• _Records_:
Lemma period_pay1_deviate_at n :
  period_pay1 rho0 rho1 u1 sg0 (deviate_at sg1 h s') sg2 n =
  period_pay1 rho0 rho1 u1 sg0 sg1 sg2 n + (n == t)%:R *
    (hist_prob rho0 rho1 sg0 sg1 sg2 h *
     (stage_pay1 rho0 u1 (sg0 h) s' (sg2 h) - stage_pay1 rho0 u1 (sg0 h) (sg1 h) (sg2 h))).
Proof.
rewrite /period_pay1 /hist_prob; under eq_bigr do rewrite hist_prob_from_deviate_at.
have [n_t|n_neq_t] := eqVneq n t; last first.
  rewrite mul0r addr0; apply: eq_bigr => h' _; rewrite deviate_at_elsewhere //.
  by apply: contra_neq n_neq_t => /(congr1 size); rewrite !size_tuple.
subst n; rewrite mul1r (bigD1 h) //= [in RHS](bigD1 h) //= deviate_at_here.
under [in LHS]eq_bigr => i i_neq_h do rewrite deviate_at_elsewhere //.
by rewrite [RHS]addrC addrA mulrBr subrK.
Qed.

Lemma disc_pay1_deviate_at delta : is_strat1 sg1 -> 0 <= delta < 1 ->
  disc_pay1 rho0 rho1 u1 delta sg0 (deviate_at sg1 h s') sg2 =
  disc_pay1 rho0 rho1 u1 delta sg0 sg1 sg2 + (1 - delta) * (delta ^+ t *
    (hist_prob rho0 rho1 sg0 sg1 sg2 h *
     (stage_pay1 rho0 u1 (sg0 h) s' (sg2 h) - stage_pay1 rho0 u1 (sg0 h) (sg1 h) (sg2 h)))).
Proof.
move=> sg1_ok delta_01; have [M period_le] := period_pay1_bounded sg1_ok.
rewrite /disc_pay1 -mulrDr; congr (_ * _).
apply: (limn_eventually_addr (t := t) (discounted_series_cvg delta_01 period_le)) => N t_lt_N.
under eq_bigr do rewrite period_pay1_deviate_at mulrDr.
rewrite big_split /=; congr (_ + _).
rewrite (bigD1_seq t) ?mem_index_iota ?iota_uniq //= eqxx mul1r big1 ?addr0 //.
by move=> n /negbTE->; rewrite mul0r mulr0.
Qed.

End Histories.

Theorem lemma5 (R : realType) (A0 A1 A2 Y0 Y1 : finType)
    (rho0 : A0 -> Y0 -> R) (rho1 : A1 -> A2 -> Y1 -> R)
    (u0 : A0 -> A1 -> R) (u1 u2 : Y0 -> A1 -> A2 -> R)
    (delta : R) (Omega : countType) (omR : Omega)
    (commit : Omega -> Y0 -> A1 -> R) (mu : Omega -> R)
    (sg0 : strat0 R A0 Y1) (sg1 : strat1 R A1 Y0 Y1) (sg2 : strat2 R A2 Y1) :
  monitoring_assumptions rho0 rho1 ->
  0 < delta < 1 ->
  types_ok omR commit ->
  prior_ok mu ->
  cyclically_separable u1 ->
  nash_eq rho0 rho1 u0 u1 u2 delta mu omR commit sg0 sg1 sg2 ->
  forall (t : nat) (h : t.-tuple Y1),
    0 < hist_prob rho0 rho1 sg0 sg1 sg2 h ->
    stage_cyc_mono u1 (sg1 h).
Proof.
move=> [rho0_dist rho1_dist rho0_gt0 _ _] /andP[delta_gt0 delta_lt1] _ _ csep.
move=> [sg0_ok sg1_ok sg2_ok [no_dev _ _]] t h h_gt0 alpha2 alpha2_dist.
apply: (csep _ _ alpha2 alpha2_dist); exists (sg2 h); split=> // l l_supp.
rewrite leNgt; apply/negP => gain.
have [s' s'_ok [same_signals better]] :=
  exists_profitable_cycle_deviation rho1 rho0_gt0 (sg0_ok h) (sg1_ok h) l_supp gain.
have := no_dev _ (is_strat1_deviate_at h sg1_ok s'_ok).
rewrite (disc_pay1_deviate_at rho0_dist rho1_dist u1 sg0_ok sg2_ok (same_signals _)) //;
  last by rewrite ltW.
rewrite gerDl leNgt => /negP; apply.
by rewrite !mulr_gt0 ?subr_gt0 ?exprn_gt0.
Qed.
(* Let $n,m,M$ be positive integers, $A_1,\dots,A_M\in\mathbb{R}^{n\times n}$, $B\in\mathbb{R}^{n\times m}$, $\mathcal{M}=\{1,\dots,M\}$. Given $N\in\mathbb{Z}^+$ and $\omega_N\subset\mathbb{S}\times\mathcal{M}$ with $N$ elements, let $\gamma(\omega_N)$, $P(\omega_N)$, $K(\omega_N)$ be the output of Algorithm 1 (described in the context) run on $\omega_N$, $B$ and some tolerance $\epsilon_{tol}>0$. Suppose $\omega_N$ is an $\epsilon$-covering of $\mathbb{S}\times\mathcal{M}$ for some $\epsilon\in(0,1)$. Then $$\rho(\mathcal{A}_{K(\omega_N)})\le\frac{\gamma(\omega_N)}{1-\kappa(P(\omega_N))\bigl(1-\cos(\delta^{-1}(\epsilon))\bigr)},$$ with the convention that if $\kappa(P(\omega_N))(1-\cos(\delta^{-1}(\epsilon)))\ge1$, the right-hand side is $+\infty$.
   Context: $\mathbb{S}$ is the unit sphere in $\mathbb{R}^n$ and $\mu$ the uniform probability measure on $\mathbb{S}$. For $x\in\mathbb{S}$, $\theta\in[0,\pi/2]$, $\mathrm{Cap}(x,\theta)=\{v\in\mathbb{S}:|x^\top v|\ge\cos\theta\}$ and $\delta(\theta)=\mu(\mathrm{Cap}(x,\theta))$; $\delta$ is strictly increasing from $[0,\pi/2]$ onto $[0,1]$ with inverse $\delta^{-1}$. Given $\epsilon\in(0,1)$ and $\theta=\delta^{-1}(\epsilon)$, a set $\omega\subset\mathbb{S}\times\mathcal{M}$ is an $\epsilon$-covering of $\mathbb{S}\times\mathcal{M}$ if for every $(x,\sigma)\in\mathbb{S}\times\mathcal{M}$ there exists $z\in\mathbb{S}$ with $(z,\sigma)\in\omega$ and $|z^\top x|\ge\cos\theta$. For $P\succ0$, $\kappa(P)=\lambda_{\max}(P)/\lambda_{\min}(P)$. For $K\in\mathbb{R}^{m\times n}$, $\mathcal{A}_K=\{A_1+BK,\dots,A_M+BK\}$ and $\rho(\mathcal{A}_K)=\lim_{k\to\infty}\max_{(\sigma_0,\dots,\sigma_{k-1})\in\mathcal{M}^k}\|(A_{\sigma_{k-1}}+BK)\cdots(A_{\sigma_0}+BK)\|^{1/k}$ is its joint spectral radius. Algorithm 1 (uses only $B$, the points $x$ and the successors $A_\sigma x$ for $(x,\sigma)\in\omega_N$): define Problem (K-step) for fixed $P$: minimize $\gamma\ge0$ over $(\gamma,K)$ subject to $\begin{pmatrix}\gamma^2x^\top Px & (A_\sigma x+BKx)^\top P\\ P(A_\sigma x+BKx) & P\end{pmatrix}\succeq0$ for all $(x,\sigma)\in\omega_N$. Define Problem (P-step) for fixed $K$: minimize $\gamma\ge0$ over $(\gamma,P)$ subject to $(A_\sigma x+BKx)^\top P(A_\sigma x+BKx)\le\gamma^2x^\top Px$ for all $(x,\sigma)\in\omega_N$ and $P\succeq I$. Initialize $k=0$, $P_0=I_n$, and $(K_0,\gamma_0)$ a solution of (K-step) with $P=P_0$. Iterate: obtain $P_{k+1}$ from (P-step) with $K=K_k$; obtain $(K_{k+1},\gamma_{k+1})$ from (K-step) with $P=P_{k+1}$; if $|\gamma_{k+1}-\gamma_k|<\epsilon_{tol}$, output $\gamma(\omega_N)=\gamma_{k+1}$, $P(\omega_N)=P_{k+1}$, $K(\omega_N)=K_{k+1}$ and stop; otherwise set $k\leftarrow k+1$ and repeat. *)

From HB Require Import structures.
From mathcomp Require Import all_boot all_order all_algebra.
From mathcomp Require Import all_classical all_reals all_analysis.
Set Implicit Arguments. Unset Strict Implicit. Unset Printing Implicit Defensive.
Import Order.TTheory GRing.Theory Num.Theory.
Import numFieldNormedType.Exports.
Local Open Scope classical_set_scope.
Local Open Scope ring_scope.

Section Defs.
Variable R : realType.

Definition dotv n (x y : 'cV[R]_n) : R := (x^T *m y) 0 0.
Definition enorm n (x : 'cV[R]_n) : R := Num.sqrt (dotv x x).

Definition sphere (n : nat) : set 'cV[R]_n := [set x | dotv x x = 1].
Arguments sphere n : clear implicits.
Definition uball (n : nat) : set 'cV[R]_n := [set y | dotv y y <= 1].
Arguments uball n : clear implicits.

Definition Cap n (x : 'cV[R]_n) (theta : R) : set 'cV[R]_n :=
  [set v | sphere n v /\ cos theta <= `|dotv x v|].

Fixpoint iint (n : nat) : ('cV[R]_n -> \bar R) -> \bar R :=
  match n return ('cV[R]_n -> \bar R) -> \bar R with
  | 0%N => fun f => f 0
  | n'.+1 => fun f =>
      (\int[@lebesgue_measure R]_t iint (fun v : 'cV[R]_n' => f (col_mx (const_mx (t : R) : 'cV[R]_1) v : 'cV[R]_(1 + n'))))%E
  end.

Definition vol n (S : set 'cV[R]_n) : \bar R := iint (fun v => (\1_S v)%:E).

Definition cone n (A : set 'cV[R]_n) : set 'cV[R]_n :=
  [set y | exists t, exists v, [/\ 0 <= t <= 1, A v & y = t *: v]].

(* uniform probability measure on the sphere (normalized cone measure) *)
Definition mu_sphere n (A : set 'cV[R]_n) : R :=
  fine (vol (cone A)) / fine (vol (uball n)).

Definition e0 (n : nat) : 'cV[R]_n := \col_(i < n) ((nat_of_ord i == 0%N)%:R).

(* delta(theta) = mu(Cap(x, theta)) (independent of x in S; we use x = e_1) *)
Definition delta (n : nat) (theta : R) : R := mu_sphere (Cap (e0 n) theta).

(* ---------- eps-covering (with theta = delta^{-1}(eps)) ---------- *)
Definition covering n M (omega : seq ('cV[R]_n * 'I_M)) (theta : R) : Prop :=
  forall (x : 'cV[R]_n) (s : 'I_M), sphere n x ->
    exists z, (z, s) \in omega /\ cos theta <= `|dotv z x|.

• _What this task involves_:
Which lines in the material above include the string "uball"? Pull them out.

• _Answer section_:
Definition uball (n : nat) : set 'cV[R]_n := [set y | dotv y y <= 1].
Arguments uball n : clear implicits.
  fine (vol (cone A)) / fine (vol (uball n)).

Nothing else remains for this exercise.